Visit this page on the CRA website to view sample receipts. Remember, these are guides. They are intended to show you what relevant information needs to appear, but you can format yours differently and brand it for your own organization.
Consult the CRA Definitions for Employee vs Self-employed
Friday, February 17th, 2012The Canada Revenue Agency provides definitions that help you determine whether your staff should be treated as employees or self-employed. Review this material.
Annual T-Slip Deadline – February 29, 2012
Thursday, February 2nd, 2012Staff Post
By Heather Young
The annual payroll reporting deadline is looming. T4 and T4A slips must be filed by Wednesday, February 29, 2012.
T4 Slips
In preparation, you should reconcile your payroll accounts: make sure that the balance on your PD7A form (i.e. the total source deductions that the government acknowledges receiving) matches the total of the cheques you issued.

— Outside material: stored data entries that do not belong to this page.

(* Let $L=(l_1,\dots,l_n)$, $n\ge 4$, be a generic length vector satisfying the strict triangle inequality, and let $l_a\ge l_b\ge l_c$ be its three largest entries (for distinct indices $a,b,c$). Suppose $l_b+l_c<|L|/2$. Then for every vertex $(I,J,K)$ of $\Gamma(L)$ there is a path in $\Gamma(L)$ of length at most $6$ from $(I,J,K)$ to its mirror image $(J,I,K)$.
   Context: Let $n\ge 4$ and $L=(l_1,\dots,l_n)$ be positive reals with $l_i<\sum_{j\ne i}l_j$ for every $i$ (strict triangle inequality), and generic: there is no $J\subseteq[n]$ with $\sum_{i\in J}l_i=\sum_{i\notin J}l_i$. Here $[n]=\{1,\dots,n\}$ and $|L|=\sum_{i=1}^n l_i$. A set $I\subseteq[n]$ is short if $\sum_{i\in I}l_i<|L|/2$ and long otherwise. A cyclically ordered partition of $[n]$ into $k$ parts is a sequence $(A_1,\dots,A_k)$ of pairwise disjoint nonempty sets with union $[n]$, considered up to cyclic shifts $(A_1,\dots,A_k)\sim(A_2,\dots,A_k,A_1)$; there is no ordering inside a part. It is admissible if every part is short. The graph $\Gamma(L)$ has as vertices the admissible cyclically ordered partitions of $[n]$ into 3 parts, written $(I,J,K)$, and as edges the admissible cyclically ordered partitions into 4 parts $(A,B,C,D)$; such an edge is incident to each of the partitions $(A\cup B,C,D)$, $(A,B\cup C,D)$, $(A,B,C\cup D)$, $(D\cup A,B,C)$ that is admissible. Equivalently, two vertices are adjacent iff one is obtained from the other by moving a nonempty proper subset of one part into another part. The length of a path is its number of edges. The mirror image of a vertex $(I,J,K)$ is the vertex $(J,I,K)$ (same parts, reversed cyclic order). (The condition $l_b+l_c<|L|/2$ is equivalent to connectedness of the moduli space of planar configurations of $L$.) *)

From HB Require Import structures.
From mathcomp Require Import all_boot all_order all_algebra.
Set Implicit Arguments. Unset Strict Implicit. Unset Printing Implicit Defensive.
Import Order.TTheory GRing.Theory Num.Theory.
Local Open Scope ring_scope.

Section Defs.
Variables (R : realFieldType) (n : nat) (l : 'I_n -> R).

Definition totlen : R := \sum_(i < n) l i.

Definition short (S : {set 'I_n}) : bool := \sum_(i in S) l i < totlen / 2%:R.

(* a triple (I,J,K) of sets, read as a cyclically ordered 3-partition *)
Definition triple := ({set 'I_n} * {set 'I_n} * {set 'I_n})%type.

Definition mk3 (I J K : {set 'I_n}) : triple := (I, J, K).

Definition adm3 (t : triple) : bool :=
  let: (X, Y, Z) := t in
  [&& X != set0, Y != set0, Z != set0,
      [disjoint X & Y], [disjoint Y & Z], [disjoint X & Z],
      X :|: Y :|: Z == setT &
      [&& short X, short Y & short Z]].

Definition adm4 (A B C D : {set 'I_n}) : bool :=
  [&& A != set0, B != set0, C != set0, D != set0,
      [disjoint A & B], [disjoint A & C], [disjoint A & D],
      [disjoint B & C], [disjoint B & D], [disjoint C & D],
      A :|: B :|: C :|: D == setT &
      [&& short A, short B, short C & short D]].

Definition cyc_eq (t s : triple) : Prop :=
  let: (X, Y, Z) := t in s = (X, Y, Z) \/ s = (Y, Z, X) \/ s = (Z, X, Y).

Definition merges (A B C D : {set 'I_n}) : seq triple :=
  [:: (A :|: B, C, D); (A, B :|: C, D); (A, B, C :|: D); (D :|: A, B, C)].

(* t and s are adjacent in Gamma(L): there is an edge (an admissible
   4-partition) incident to both (i.e. both are admissible merges of it) *)
Definition adj (t s : triple) : Prop :=
  exists A B C D, adm4 A B C D /\
    exists2 m1, m1 \in merges A B C D &
    exists2 m2, m2 \in merges A B C D &
      [/\ adm3 m1, adm3 m2, m1 != m2, cyc_eq m1 t & cyc_eq m2 s].

Fixpoint walk (t : triple) (p : seq triple) : Prop :=
  match p with
  | [::] => True
  | s :: p' => adj t s /\ walk s p'
  end.

End Defs.

From HB Require Import structures.
From mathcomp Require Import all_boot all_order all_algebra.
From mathcomp Require Import ring lra.
Import Order.TTheory GRing.Theory Num.Theory.
Local Open Scope ring_scope.
Set Implicit Arguments. Unset Strict Implicit. Unset Printing Implicit Defensive.

(* Let a be the index of the longest side.  Any two sides other than a
   form a short set, because l_e + l_f <= l_b + l_c < |L|/2.  Up to a
   cyclic shift, a vertex is (X, Y, Z) with a in X, and its mirror image
   is (X, Z, Y).  We swap Y and Z while keeping X fixed (or enlarged):

   - If e in Y and f in Z are such that X + e and X + f are long, then
       (X,Y,Z) - (X,{e},~(X+e)) - (X,{e,f},~(X+e+f)) - (X,{f},~(X+f)) - (X,Z,Y)
     is a path of length 4 (lemma swap_through_pairs).
   - In general, let m be a longest element of Y u Z, say m in Z, and let
     S be a largest subset of Y with X u S short.  Then S <> Y, and for
     e in Y \ S both X u S + e and X u S + m are long; moving S into X,
     applying the previous step and moving S back costs 1 + 4 + 1 edges
     (lemma swap_second_third). *)

Ltac mem_cases :=
  repeat match goal with |- context [?x \in ?A] => case: (x \in A) end.

Section Partitions.
Variables (R : realFieldType) (n : nat) (l : 'I_n -> R).

Definition part3 (X Y Z : {set 'I_n}) :=
  forall i, ((i \in X) + (i \in Y) + (i \in Z) = 1)%N.

Lemma adm3P (X Y Z : {set 'I_n}) :
  reflect [/\ X != set0, Y != set0, Z != set0, part3 X Y Z &
              [/\ short l X, short l Y & short l Z]]
          (adm3 l (X, Y, Z)).
Proof.
rewrite /adm3 -!setI_eq0; apply: (iffP idP).
- case/and5P => X0 Y0 Z0 dXY /and4P [dYZ dXZ cover /and3P [sX sY sZ]].
  split=> // i; move/eqP/setP: cover => /(_ i).
  move/eqP/setP: dXY => /(_ i); move/eqP/setP: dYZ => /(_ i).
  by move/eqP/setP: dXZ => /(_ i); rewrite !inE; mem_cases.
- case=> -> -> -> count [-> -> ->]; rewrite !andbT /=.
  by apply/and4P; split; apply/eqP/setP => i; rewrite !inE; move: (count i);
    mem_cases.
Qed.

Lemma adm3_rot (X Y Z : {set 'I_n}) : adm3 l (X, Y, Z) -> adm3 l (Y, Z, X).
Proof.
case/adm3P => X0 Y0 Z0 count [sX sY sZ]; apply/adm3P; split=> // i.
by move: (count i); mem_cases.
Qed.

Lemma adm3_swap (X Y Z : {set 'I_n}) : adm3 l (X, Y, Z) -> adm3 l (X, Z, Y).
Proof.
case/adm3P => X0 Y0 Z0 count [sX sY sZ]; apply/adm3P; split=> // i.
by move: (count i); mem_cases.
Qed.

Lemma adm3_third (X Y Z : {set 'I_n}) : adm3 l (X, Y, Z) -> Z = ~: (X :|: Y).
Proof.
case/adm3P => _ _ _ count _; apply/setP => i; rewrite !inE.
by move: (count i); mem_cases.
Qed.

Lemma adm4I (A B C D : {set 'I_n}) :
  A != set0 -> B != set0 -> C != set0 -> D != set0 ->
  (forall i, ((i \in A) + (i \in B) + (i \in C) + (i \in D) = 1)%N) ->
  short l A -> short l B -> short l C -> short l D -> adm4 l A B C D.
Proof.
move=> A0 B0 C0 D0 count sA sB sC sD.
rewrite /adm4 A0 B0 C0 D0 sA sB sC sD -!setI_eq0 !andbT /=.
by repeat (apply/andP; split); apply/eqP/setP => i; rewrite !inE;
  move: (count i); mem_cases.
Qed.

End Partitions.

Section Weights.
Variables (R : realFieldType) (n : nat) (l : 'I_n -> R).
Hypothesis l_pos : forall i, 0 < l i.
Hypothesis l_generic :
  forall S : {set 'I_n}, \sum_(i in S) l i != \sum_(i in ~: S) l i.

Local Notation w S := (\sum_(i in S) l i).

Lemma weight_compl (S : {set 'I_n}) : w (~: S) = totlen l - w S.
Proof.
apply/eqP; rewrite eq_sym subr_eq addrC /totlen (bigID (mem S)) /=.
by apply/eqP; congr (_ + _); apply: eq_bigl => i; rewrite inE.
Qed.

Lemma short_sub (A B : {set 'I_n}) : A \subset B -> short l B -> short l A.
Proof.
move=> AB; apply: le_lt_trans.
rewrite [leRHS](big_setID A) (setIidPr AB) /= lerDl.
by apply: sumr_ge0 => i _; apply: ltW.
Qed.

Lemma short_compl (S : {set 'I_n}) : short l (~: S) = ~~ short l S.
Proof.
have : w S != totlen l / 2%:R.
  apply: contra (l_generic S) => /eqP wS.
  by rewrite weight_compl wS; apply/eqP; field.
rewrite /short weight_compl -leNgt neq_lt.
by case/orP => h; apply/idP/idP => ?; lra.
Qed.

Lemma long_setU1 (Y : {set 'I_n}) e m :
  e \notin Y -> m \notin Y -> l e <= l m ->
  ~~ short l (e |: Y) -> ~~ short l (m |: Y).
Proof.
move=> eY mY lem; rewrite /short -!leNgt !big_setU1 //= => h.
by apply: (le_trans h); rewrite lerD2r.
Qed.

Lemma adm3_complI (X Y : {set 'I_n}) :
  X != set0 -> Y != set0 -> [disjoint X & Y] ->
  short l X -> short l Y -> ~~ short l (X :|: Y) ->
  adm3 l (X, Y, ~: (X :|: Y)).
Proof.
move=> X0 Y0 dXY sX sY lXY; apply/adm3P; split=> //.
- apply/negP => /eqP E; have : ~: Y \subset X.
    by apply/subsetP => i; move/setP: E => /(_ i); rewrite !inE; mem_cases.
  by move/short_sub/(_ sX); rewrite short_compl sY.
- move: dXY; rewrite -setI_eq0 => /eqP/setP dXY i.
  by move: (dXY i); rewrite !inE; mem_cases.
- by rewrite short_compl.
Qed.

End Weights.

Section Graph.
Variables (R : realFieldType) (n : nat) (l : 'I_n -> R).
Hypothesis l_pos : forall i, 0 < l i.
Implicit Types (t s u : triple n) (X Q Z : {set 'I_n}).

Lemma cyc_refl t : cyc_eq t t.
Proof. by case: t => [[X Y] Z]; left. Qed.

Lemma cyc_sym t s : cyc_eq t s -> cyc_eq s t.
Proof. by case: t => [[X Y] Z]; rewrite /cyc_eq => -[|[|]] -> /=; tauto. Qed.

Lemma cyc_trans t s u : cyc_eq t s -> cyc_eq s u -> cyc_eq t u.
Proof.
by case: t => [[X Y] Z]; rewrite /cyc_eq => -[|[|]] -> /= [|[|]] ->; tauto.
Qed.

Lemma adj_cyc t s t' s' :
  adj l t s -> cyc_eq t t' -> cyc_eq s s' -> adj l t' s'.
Proof.
move=> [A [B [C [D [adm [m1 m1M [m2 m2M [a1 a2 m12 c1 c2]]]]]]]] tt' ss'.
exists A, B, C, D; split=> //; exists m1 => //; exists m2 => //.
by split=> //; [apply: cyc_trans tt' | apply: cyc_trans ss'].
Qed.

Lemma adj_sym t s : adj l t s -> adj l s t.
Proof.
move=> [A [B [C [D [adm [m1 m1M [m2 m2M [a1 a2 m12 c1 c2]]]]]]]].
by exists A, B, C, D; split=> //; exists m2 => //; exists m1; rewrite 1?eq_sym.
Qed.

(* Moving a nonempty proper subset of the second part into the third part
   is an edge: the edge is the 4-partition (Q', Q \ Q', Z, X). *)
Lemma adj_shrink X Q Z Q' Z' :
  adm3 l (X, Q, Z) -> adm3 l (X, Q', Z') -> Q' \proper Q ->
  adj l (X, Q, Z) (X, Q', Z').
Proof.
move=> tQ tQ' /properP [subQ [x xQ xQ']].
case/adm3P: (tQ) => X0 _ Z0 cQ [sX sQ sZ].
case/adm3P: (tQ') => _ Q'0 _ _ [_ sQ' _].
have sub i : (i \in Q') ==> (i \in Q) by apply/implyP/(subsetP subQ).
pose S := Q :\: Q'.
have EQ : Q' :|: S = Q.
  by apply/setP => i; rewrite !inE; move: (sub i); mem_cases.
have EZ : S :|: Z = Z'.
  rewrite (adm3_third tQ) (adm3_third tQ'); apply/setP => i; rewrite !inE.
  by move: (cQ i) (sub i); mem_cases.
exists Q', S, Z, X; split.
  apply: adm4I => //.
  - by apply/set0Pn; exists x; rewrite !inE xQ xQ'.
  - by move=> i; rewrite !inE; move: (cQ i) (sub i); mem_cases.
  - by apply: (short_sub l_pos _ sQ); rewrite subsetDl.
exists (Q' :|: S, Z, X); first exact: mem_head.
exists (Q', S :|: Z, X); first by rewrite !inE eqxx orbT.
rewrite EQ EZ; split; [exact: adm3_rot | exact: adm3_rot | | by right; right..].
by apply/negP => /eqP [E _]; move: xQ'; rewrite -E xQ.
Qed.

Lemma walk_cyc t t' p : cyc_eq t t' -> walk l t p -> walk l t' p.
Proof.
case: p => [|s p] //= tt' [ts sp]; split=> //.
exact: adj_cyc ts tt' (cyc_refl s).
Qed.

Lemma walk_cat t p q :
  walk l t (p ++ q) <-> walk l t p /\ walk l (last t p) q.
Proof. by elim: p t => [|s p IH] t /=; [tauto | rewrite IH; tauto]. Qed.

Lemma last_rev_belast (T : Type) (x : T) p :
  last (last x p) (rev (belast x p)) = x.
Proof. by case: p => [|y p] //=; rewrite rev_cons last_rcons. Qed.

Lemma walk_rev t p : walk l t p -> walk l (last t p) (rev (belast t p)).
Proof.
elim: p t => [|s p IH] t //= [ts sp].
rewrite rev_cons -cats1 walk_cat /= last_rev_belast; split; first exact: IH.
by split=> //; apply: adj_sym.
Qed.

Definition reach k t s :=
  exists p : seq (triple n),
    (size p <= k)%N /\ walk l t p /\ cyc_eq (last t p) s.

Lemma reach_refl k t : reach k t t.
Proof. by exists [::]; split=> //; split=> //; apply: cyc_refl. Qed.

Lemma reach_adj t s : adj l t s -> reach 1 t s.
Proof.
by move=> ts; exists [:: s]; split=> //; split; [split | apply: cyc_refl].
Qed.

Lemma reach_cyc k t t' s s' :
  cyc_eq t t' -> cyc_eq s s' -> reach k t s -> reach k t' s'.
Proof.
move=> tt' ss' [p [sz [wp lp]]]; exists p; split=> //.
split; first exact: walk_cyc tt' wp.
case: p {sz wp} lp => [|y p] /= lp; last exact: cyc_trans lp ss'.
exact: cyc_trans (cyc_sym tt') (cyc_trans lp ss').
Qed.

Conduct your own “pensionable and insurable earnings review.” The Canada Revenue Agency (CRA) checks this for every filer. Before you submit your T4s, you should confirm that the correct CPP and EI amounts were withheld, and were properly matched with employer contributions. If you find any shortage, it needs to be accrued to the employee record and remitted to the CRA.
Review your company’s employment relationships for any taxable benefits. Taxable benefits are items above and beyond payroll that have a value for employees, and that the CRA considers taxable income. Check this page on the CRA website for information about cell phones, parking, transit passes, insurance, gifts and other benefits.
Taxable benefits should be processed on a pay period by pay period basis, as required by law. If you’ve overlooked something, though, be sure to record it and remit the appropriate taxes at payroll year-end.
T4A Slips
Here’s the CRA’s word on when you need to issue T4A slips.
For small not-for-profits, including arts organizations, the most common requirement is to document “fees or other amounts for services.” This includes freelancer and self-employed contractor fees and, indeed, fees paid to any unincorporated business. (That is, cases where the fees are to be reported on a personal income tax return.)
Amounts paid to freelancers are to be reported on Box 48 of the T4A slip.
Here’s what the Canadian Payroll Association says about T4As: “The CRA is currently conducting a review of the types of payments that payers will be required to report in this box (i.e. Box 48). While this reporting requirement may be expanded in the future, it currently applies only to payers of independent or self-employed contractors, who should report any fees (excluding GST/HST) on the T4A using Box 48.”
Late filing
The penalties for late filing of T4 and T4A information returns can be found here on the CRA website.